To use the bullying example I was discussing recently, ideally we would like to tell the victims of bullying to never change, to stand strong in being who you are no matter what, but standing strong has consequences, and sometimes those consequences are worse. Personally, I’m not about to tell a child who is already hating life that his best course of action is to take steps that are going to make his personal situation even worse. That doesn’t even make sense. I want to make life better for that child, not offer an empty gesture that isn’t going to help anyone. I can tell that child to stand firm, and incur continued and possibly increasing bullying, or I can try to teach that child tricks that might prevent bullying. In some cases, those tricks might require that the child in question makes changes, or doesn’t show certain things quite as much, and the child will need to balance the changes with the consequences to determine the better course of action. We won’t get a perfect situation, but we might get a better situation.

Politically speaking (and this is absolutely one of the only times I will ever mention politics in these pages, because it directly pertains to the subject at hand), I lean libertarian. My ideal state is for people to leave people alone, to help each other voluntarily, and to respect the rights and personal space of all of the other people so that we don’t have to try to control each other just to accomplish living on the same planet. I am fundamentally opposed to any law that seeks to coerce people into anything other than staying out of each other’s way (grossly simplified, but I hope you get the idea). Frankly, that puts me at odds with the vast majority of existing laws. I have the option of fighting these laws constantly or just ignoring them completely, both of which would almost certainly lead to a shortened life (or at least shortened as far as the amount of time living that life outside of a cage goes), or I can prioritize based on what I can put up with in relation to the potential consequences. I’ll take the best option I can get that doesn’t result in making things worse, and I won’t deny that better option just because it’s not perfect.
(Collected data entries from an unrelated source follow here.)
(* Starting from X = phi(A), we work with lists X of nonempty words such that
   tau(y) is an X-product, X has at most #A words and total length K at most
   |phi|_1.  While X is generated by a list of no more words and smaller total
   length, we pass to that list; so we may assume X irreducible.  By a form of
   the defect theorem an irreducible X admits no nontrivial relation: no word
   of X is a proper prefix or suffix of another, and for a proper suffix d of a
   word of X, no nonempty X-product, possibly followed by d, equals d followed
   by an X-product.  Hence two X-factorizations cannot stay out of phase for
   K^2 letters: at the first K cuts of one of them the other would sit at
   pairwise distinct proper suffixes of words of X, of which there are fewer
   than K.  Every tau(b) begins with the same word u of length l >= K^2, so the
   X-factorization of tau(y) cuts between consecutive tau-images and each
   tau(b) is an X-product.  These products define q; q is proper since the
   first (last) factor of each tau(b) is the unique word of X that is a prefix
   of u (suffix of v). *)

Set Implicit Arguments. Unset Strict Implicit. Unset Printing Implicit Defensive.

Section Cat.
Variable T : Type.
Implicit Types (s t w : seq T) (ss : seq (seq T)).

Lemma catsI s : injective (cat s).
Proof. by move=> t1 t2 /(congr1 (drop (size s))); rewrite !drop_size_cat. Qed.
We have to work with the reality we have. Very often, our goal is to change that reality, but you can’t change it by pretending that it has already changed. That doesn’t work. That’s just a good way to get run over by a reality that isn’t very good at pretending. Reality is stubborn, simple-minded, and totally lacking in imagination. Have you ever seen any old cartoon or comic with a farmer trying to get a mule to do something the mule doesn’t want to do? Reality is a mule. Getting it to do anything other than go in the same straight line it’s already using is hard work, and will often requires many starts and stops, wrong turns, false starts, bumps and bruises, and no small amount of harsh language.
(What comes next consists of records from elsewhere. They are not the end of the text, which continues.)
(* Let $a,b\in\mathbb{Z}^+$ with $a$ odd, and let $q$ be complex with $|q|<1$. If $b$ is even, then $$\sum_{n=0}^{\infty}N(a,3a,4b;8n+5a)q^n=4q^a\psi(q^a)\psi(q^{12a})\varphi(q^{b/2}),\qquad \sum_{n=0}^{\infty}N(a,3a,4b;8n+7a)q^n=4\psi(q^{3a})\psi(q^{4a})\varphi(q^{b/2}).$$ If $b$ is odd, then $$\begin{aligned}\sum_{n=0}^{\infty}N(a,3a,4b;8n)q^n&=\varphi(q^{2a})\varphi(q^{6a})\varphi(q^{2b})+4q^{2a}\psi(q^{4a})\psi(q^{12a})\varphi(q^{2b})\\&\quad+12q^{(a+b)/2}\big(\varphi(q^{6a})\psi(q^{4a})+q^a\varphi(q^{2a})\psi(q^{12a})\big)\psi(q^{4b}),\\ \sum_{n=0}^{\infty}N(a,3a,4b;8n+4)q^n&=2q^{(b-1)/2}\varphi(q^{2a})\varphi(q^{6a})\psi(q^{4b})+8q^{2a+(b-1)/2}\psi(q^{4a})\psi(q^{12a})\psi(q^{4b})\\&\quad+6q^{(a-1)/2}\big(\varphi(q^{6a})\psi(q^{4a})+q^a\varphi(q^{2a})\psi(q^{12a})\big)\varphi(q^{2b}).\end{aligned}$$
   Context: $\mathbb{Z}^+$ is the set of positive integers. For $a,b,c\in\mathbb{Z}^+$ and nonnegative integer $n$, $N(a,b,c;n)$ denotes the number of triples $(x,y,z)\in\mathbb{Z}^3$ with $n=ax^2+by^2+cz^2$ (and $N(a,b,c;n)=0$ for negative $n$). Ramanujan's theta functions are $\varphi(q)=\sum_{n=-\infty}^{\infty}q^{n^2}$ and $\psi(q)=\sum_{n=0}^{\infty}q^{n(n+1)/2}$ for $|q|<1$. *)

From Stdlib Require Import Reals ZArith List Arith.
From Coquelicot Require Import Coquelicot.

(* Sum of a (convergent) complex series, taken componentwise:
   the real part is the sum of the real parts, the imaginary part the sum of
   the imaginary parts.  (A complex series converges iff both component
   series converge, and then its sum is this value.) *)
Definition CSeries (u : nat -> C) : C :=
  (Series (fun n => fst (u n)), Series (fun n => snd (u n))).

(* Ramanujan's phi(q) = sum_{n in Z} q^(n^2) = 1 + 2 sum_{n>=1} q^(n^2)
   (the terms for n and -n coincide). *)
Definition rphi (q : C) : C :=
  CSeries (fun n => if Nat.eqb n 0 then RtoC 1 else Cmult (RtoC 2) (Cpow q (n * n))).

Definition rpsi (q : C) : C :=
  CSeries (fun n => Cpow q (n * (n + 1) / 2)).

Definition zrange (m : nat) : list Z :=
  map (fun k => (Z.of_nat k - Z.of_nat m)%Z) (seq 0 (2 * m + 1)).

(* N(a,b,c;n) = #{(x,y,z) in Z^3 | n = a x^2 + b y^2 + c z^2}.
   For a,b,c >= 1 (the only case used), every solution has |x|,|y|,|z| <= n
   (since |x| <= x^2 <= n), so counting over [-n,n]^3 counts all of Z^3. *)
Definition Nrep (a b c n : nat) : nat :=
  length (filter
    (fun t : Z * Z * Z =>
       let '(x, y, z) := t in
       Z.eqb (Z.of_nat n)
             (Z.of_nat a * x * x + Z.of_nat b * y * y + Z.of_nat c * z * z)%Z)
    (list_prod (list_prod (zrange n) (zrange n)) (zrange n))).

(* Sort the solutions of [a x^2 + 3a y^2 + 4b z^2 = 8n + r] by the residues of [x, y, z]
   mod 4; for odd [a] only a few residue patterns are compatible with [r].  On most
   patterns every coordinate is [d u] with [u] either arbitrary or odd, the equation
   becomes [n = (sum of terms k u^2 or k (u^2 - 1)/8) + constant], and the pattern is
   counted by the coefficient of [q^n] in a product of three series [q^s phi(q^k)] or
   [2 q^s psi(q^k)].  The pattern with [x] and [y] odd is not of this form; the involution
   [(x, y) -> ((x + 3y)/2, (x - y)/2)], which preserves [x^2 + 3y^2], shows that it holds
   twice as many solutions as the two patterns with [x, y] even and [x^2 + 3y^2 = 4 mod 8],
   whence the factors 12 and 6. *)

From Stdlib Require Import Reals ZArith List Arith Lia Lra Bool.
From Coquelicot Require Import Coquelicot.
Import ListNotations.

Ltac ring_C := change (?x = ?y) with (@eq C x y); ring.
Ltac ring_R := change (?x = ?y) with (@eq R x y); ring.

(** * Complex series and generating functions *)

Lemma sum_n_fst (u : nat -> C) n : fst (sum_n u n) = sum_n (fun k => fst (u k)) n.
Proof. induction n; [now rewrite !sum_O | now rewrite !sum_Sn, <- IHn]. Qed.

Lemma sum_n_snd (u : nat -> C) n : snd (sum_n u n) = sum_n (fun k => snd (u k)) n.
Proof. induction n; [now rewrite !sum_O | now rewrite !sum_Sn, <- IHn]. Qed.

Lemma is_series_C_intro (u : nat -> C) (l : C) :
  is_series (fun n => fst (u n)) (fst l) -> is_series (fun n => snd (u n)) (snd l) ->
  is_series u l.
Proof.
  intros Hre Him. apply filterlim_locally. intros eps.
  destruct (proj1 (filterlim_locally _ _) Hre eps) as [N1 H1].
  destruct (proj1 (filterlim_locally _ _) Him eps) as [N2 H2].
  exists (max N1 N2). intros n Hn. split.
  - rewrite sum_n_fst. apply H1. lia.
  - rewrite sum_n_snd. apply H2. lia.
Qed.

Lemma is_series_C_elim (u : nat -> C) (l : C) : is_series u l ->
  is_series (fun n => fst (u n)) (fst l) /\ is_series (fun n => snd (u n)) (snd l).
Proof.
  intros H. split; apply filterlim_locally; intros eps;
    destruct (proj1 (filterlim_locally _ _) H eps) as [N HN];
    exists N; intros n Hn; destruct (HN n Hn) as [Hre Him].
  - now rewrite <- sum_n_fst.
  - now rewrite <- sum_n_snd.
Qed.

Lemma Rabs_fst_le_Cmod (z : C) : Rabs (fst z) <= Cmod z.
Proof. eapply Rle_trans; [apply Rmax_l | apply Rmax_Cmod]. Qed.

Lemma Rabs_snd_le_Cmod (z : C) : Rabs (snd z) <= Cmod z.
Proof. eapply Rle_trans; [apply Rmax_r | apply Rmax_Cmod]. Qed.

Lemma ex_series_Rabs_of_Cmod (a : nat -> C) (f : C -> R) :
  (forall z, Rabs (f z) <= Cmod z) -> ex_series (fun n => Cmod (a n)) ->
  ex_series (fun n => Rabs (f (a n))).
Proof.
  intros Hf Ha.
  apply (@ex_series_le R_AbsRing R_CompleteNormedModule _ (fun n => Cmod (a n))); [|exact Ha].
  intros n. change norm with Rabs. rewrite Rabs_Rabsolu. apply Hf.
Qed.

Lemma is_series_C_mult (a b : nat -> C) (A B : C) :
  is_series a A -> is_series b B ->
  ex_series (fun n => Cmod (a n)) -> ex_series (fun n => Cmod (b n)) ->
  is_series (fun n => sum_n (fun k => Cmult (a k) (b (n - k)%nat)) n) (Cmult A B).
Proof.
  intros HA HB Ha Hb.
  destruct (is_series_C_elim _ _ HA) as [HAr HAi].
  destruct (is_series_C_elim _ _ HB) as [HBr HBi].
  pose proof (ex_series_Rabs_of_Cmod a fst Rabs_fst_le_Cmod Ha) as Xar.
  pose proof (ex_series_Rabs_of_Cmod a snd Rabs_snd_le_Cmod Ha) as Xai.
  pose proof (ex_series_Rabs_of_Cmod b fst Rabs_fst_le_Cmod Hb) as Xbr.
  pose proof (ex_series_Rabs_of_Cmod b snd Rabs_snd_le_Cmod Hb) as Xbi.
  apply is_series_C_intro; cbn [Cmult fst snd].
  - pose proof (is_series_minus _ _ _ _ (is_series_mult _ _ _ _ HAr HBr Xar Xbr)
                                        (is_series_mult _ _ _ _ HAi HBi Xai Xbi)) as H.
    eapply is_series_ext; [|exact H]. intros n.
    rewrite sum_n_fst, sum_n_Reals. change (plus ?x (opp ?y)) with (x - y).
    rewrite <- minus_sum. apply sum_eq. intros k _. reflexivity.
  - pose proof (is_series_plus _ _ _ _ (is_series_mult _ _ _ _ HAr HBi Xar Xbi)
                                       (is_series_mult _ _ _ _ HAi HBr Xai Xbr)) as H.
    eapply is_series_ext; [|exact H]. intros n.
    rewrite sum_n_snd, sum_n_Reals. change (plus ?x ?y) with (x + y).
    rewrite <- plus_sum. apply sum_eq. intros k _. reflexivity.
Qed.

Definition conv (c d : nat -> nat) (n : nat) : nat :=
  list_sum (map (fun k => c k * d (n - k))%nat (seq 0 (S n))).

Lemma INR_list_sum_seq (f : nat -> nat) n :
  INR (list_sum (map f (seq 0 (S n)))) = sum_f_R0 (fun k => INR (f k)) n.
Proof.
  induction n as [|n IH]; [simpl; now rewrite Nat.add_0_r|].
  rewrite seq_S, map_app, list_sum_app, plus_INR, IH. simpl. now rewrite Nat.add_0_r.
Qed.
One thing that makes it easier, though, is working together. The more people we have pulling on that silly mule, the more likely it is to change directions. It’s difficult to get people to work with you by berating them, though. That’s another of the mistakes we make far too often. We’re trying to make things better but we make them worse instead by making enemies out of people who could be allies. Like it or not, people are human, and humans have this thing called psychology. Psychologically speaking, if you start by cussing someone out and telling them how stupid they are, they’re not likely to be inclined to see things your way. Again, that’s just reality. Sometimes people are stupid, but are you making things better by rubbing their noses in it? That can be satisfying, I’m sure, but are you more interested in being satisfied than in achieving your goal? Sometimes we need to take a step back and look closely at what we’re actually doing. If we’re making things worse, we’re probably part of the problem, no matter our intentions.

Reality is a tricky beast, but there are levers and switches and buttons that can be used to your advantage. If you’re honest about what it is in the first place, what you want in the second place, and how the path works between those two points in the third place, you can usually find ways to out-trick the beast. You have to take it for what it is, though, first. You have to face reality head on, don’t flinch, and work with the tools you have. Our best work with flawed tools will outperform imaginary work with ideal tools every time. Don’t let perfection be the enemy. Be better, and let the rest work itself out along the way. We’ll get there.